Stochastic Operator Learning for Chemistry in Non-Equilibrium Flows

TL;DR

This paper introduces a Bayesian operator learning framework for non-equilibrium chemical kinetics that ensures physical consistency, accounts for uncertainties, and provides interpretable surrogates for hypersonic flow simulations.

Contribution

It develops a novel operator learning methodology that separates time dynamics, incorporates model uncertainty, and enhances interpretability for chemical kinetics in non-equilibrium flows.

Findings

Surrogate model remains stable during time integration.

Provides physically consistent probabilistic predictions.

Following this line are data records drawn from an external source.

Lemma exists_ord_neq2 n (i j : 'I_n) : (2 < n)%N -> exists k : 'I_n, (k != i) && (k != j).
Proof.
move=> n_gt2; apply/existsP; apply: contraTT n_gt2 => /existsPn none.
have sub_ij : [set: 'I_n] \subset [set i; j].
  by apply/subsetP => k _; move: (none k); rewrite !inE negb_and !negbK orbC.
rewrite -leqNgt -[n]card_ord -cardsT (leq_trans (subset_leq_card sub_ij)) //.
by rewrite cards2; case: (_ != _).
Qed.

Lemma iter_comp_commute (T : Type) (a b : T -> T) :
  a \o b =1 b \o a -> forall N x, iter N (a \o b) x = iter N a (iter N b x).
Proof.
move=> ab; have iter_a_b N x : iter N a (b x) = b (iter N a x).
  by elim: N => //= N ->; rewrite -[a (b _)]/((a \o b) _) ab.
by elim=> //= N IHN x; rewrite IHN iter_a_b.
Qed.

Open Scope R_scope.

Definition monotone_lift (h : R -> R) :=
  (forall x y, x <= y -> h x <= h y) /\ (forall x, h (x + 1) = h x + 1).

(* [h1] and [h2] lift the same circle map. *)
Definition eq_modZ (h1 h2 : R -> R) := exists k : Z, forall x, h1 x = h2 x + IZR k.

Section Lifts.
Implicit Types (a b h : R -> R).

Lemma lift_addn h (m : nat) x : monotone_lift h -> h (x + INR m) = h x + INR m.
Proof.
case=> _ h1; elim: m => [|m IHm]; first by rewrite /= !Rplus_0_r.
by rewrite S_INR -Rplus_assoc h1 IHm; ring.
Qed.

Lemma lift_addZ h (m : Z) x : monotone_lift h -> h (x + IZR m) = h x + IZR m.
Proof.
move=> hl; case: (Z_le_gt_dec 0 m) => m0.
  by rewrite -(Z2Nat.id m) // -INR_IZR_INZ lift_addn.
have := lift_addn (Z.to_nat (- m)) (x + IZR m) hl.
rewrite INR_IZR_INZ Z2Nat.id ?opp_IZR; last lia.
by rewrite Rplus_assoc Rplus_opp_r Rplus_0_r => ->; ring.
Qed.

Lemma lift_iter h N : monotone_lift h -> monotone_lift (iter N h).
Proof.
case=> h_mono h1; elim: N => [|N [IH_mono IH1]] //=.
by split=> [x y le_xy|x] /=; [apply/h_mono/IH_mono | rewrite IH1 h1].
Qed.

Lemma lift_disp_le1 h x y : monotone_lift h -> Rabs ((h y - y) - (h x - x)) <= 1.
Proof.
move=> hl; have [h_mono h1] := hl.
have [up_gt up_le] := archimed (y - x).
pose m := (up (y - x) - 1)%Z; pose t := y - x - IZR m.
have t01 : 0 <= t < 1 by rewrite /t /m minus_IZR; lra.
have le1 : h x <= h (x + t) by apply: h_mono; lra.
have le2 : h (x + t) <= h x + 1 by rewrite -h1; apply: h_mono; lra.
have -> : y = x + t + IZR m by rewrite /t; ring.
by rewrite (lift_addZ _ _ hl); apply/Rabs_le_between; split; lra.
Qed.
(* Let $\alpha\in(0,1)$, $\epsilon>0$, $b>0$, fix a prior $\rho$ and secrets $s_i,s_j$, and let $\pi$ be a coupling of $P_{X|s_i,\rho}$ and $P_{X|s_j,\rho}$. Let $Y=X+N$ with $N\sim\mathrm{Lap}(b)$ (density $\frac{1}{2b}e^{-|z|/b}$) independent of $(X,S)$. If $$\int e^{-\alpha\frac{|x-x'|}{b}}\,\mathrm{d}\pi(x,x')\ \ge\ e^{(\alpha-1)\epsilon},$$ then $D_\alpha(P_{Y|s_i,\rho}\,\|\,P_{Y|s_j,\rho})\le\epsilon$.
   Context: Setting: a sensitive secret $S$ and real-valued data $X$; for each secret value $s$ and prior belief $\rho$, $X$ given $S=s$ has a density $P_{X|s,\rho}$ on $\mathbb{R}$. The released data $Y=X+N$ has conditional density $P_{Y|S}(y|s,\rho)=\int P_N(y-x)P_{X|S}(x|s,\rho)\,\mathrm{d}x$. For densities $P,Q$ the Rényi divergence of order $\alpha\in(0,1)$ is $D_\alpha(P\|Q)=\frac{1}{\alpha-1}\log\int P(y)^\alpha Q(y)^{1-\alpha}\,\mathrm{d}y$. A coupling of two distributions on $\mathbb{R}$ is a joint distribution on $\mathbb{R}^2$ having them as marginals. *)

From HB Require Import structures.
From mathcomp Require Import all_boot all_order all_algebra.
From mathcomp Require Import all_classical all_reals all_analysis.
Set Implicit Arguments. Unset Strict Implicit. Unset Printing Implicit Defensive.
Import Order.TTheory GRing.Theory Num.Theory.
Local Open Scope classical_set_scope.
Local Open Scope ring_scope.

Definition lap_density {R : realType} (b : R) (z : R) : R :=
  (2 * b)^-1 * expR (- `|z| / b).

Definition is_density {R : realType} (p : R -> R) : Prop :=
  measurable_fun setT p /\ (forall x, 0 <= p x) /\
  (\int[@lebesgue_measure R]_(x in setT) (p x)%:E = 1)%E.

(* density of Y = X + N, N with density pN independent of X with density pX *)
Definition conv_density {R : realType} (pN pX : R -> R) (y : R) : R :=
  Rintegral (@lebesgue_measure R) setT (fun x => pN (y - x) * pX x).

Achieves maximum relative error below 10%.

Abstract

This work presents a novel framework for physically consistent model error characterization and operator learning for reduced-order models of non-equilibrium chemical kinetics. By leveraging the Bayesian framework, we identify and infer sources of model and parametric uncertainty within the Coarse-Graining Methodology across a range of initial conditions. The model error is embedded into the chemical kinetics model to ensure that its propagation to quantities of interest remains physically consistent. For operator learning, we develop a methodology that separates time dynamics from other input parameters. Karhunen-Loeve Expansion (KLE) is employed to capture time dynamics, yielding temporal modes, while Polynomial Chaos Expansion (PCE) is subsequently used to map model error and input parameters to KLE coefficients. The proposed model offers three significant advantages: i) Separating time dynamics from other inputs ensures stability of chemistry surrogate when coupled with fluid solvers; ii) The framework fully accounts for model and parametric uncertainty, enabling robust probabilistic predictions; iii) The surrogate model is highly interpretable, with visualizable time modes and a PCE component that facilitates analytical calculation of sensitivity indices. We apply this framework to O2-O chemistry system under hypersonic flight conditions, validating it in both a 0D adiabatic reactor and coupled simulations with a fluid solver in a 1D shock case. Results demonstrate that the surrogate is stable during time integration, delivers physically consistent probabilistic predictions accounting for model and parametric uncertainty, and achieves maximum relative error below 10%. This work represents a significant step forward in enabling probabilistic predictions of non-equilibrium chemistry with coupled fluid solvers, offering a physically accurate approach for hypersonic flow predictions.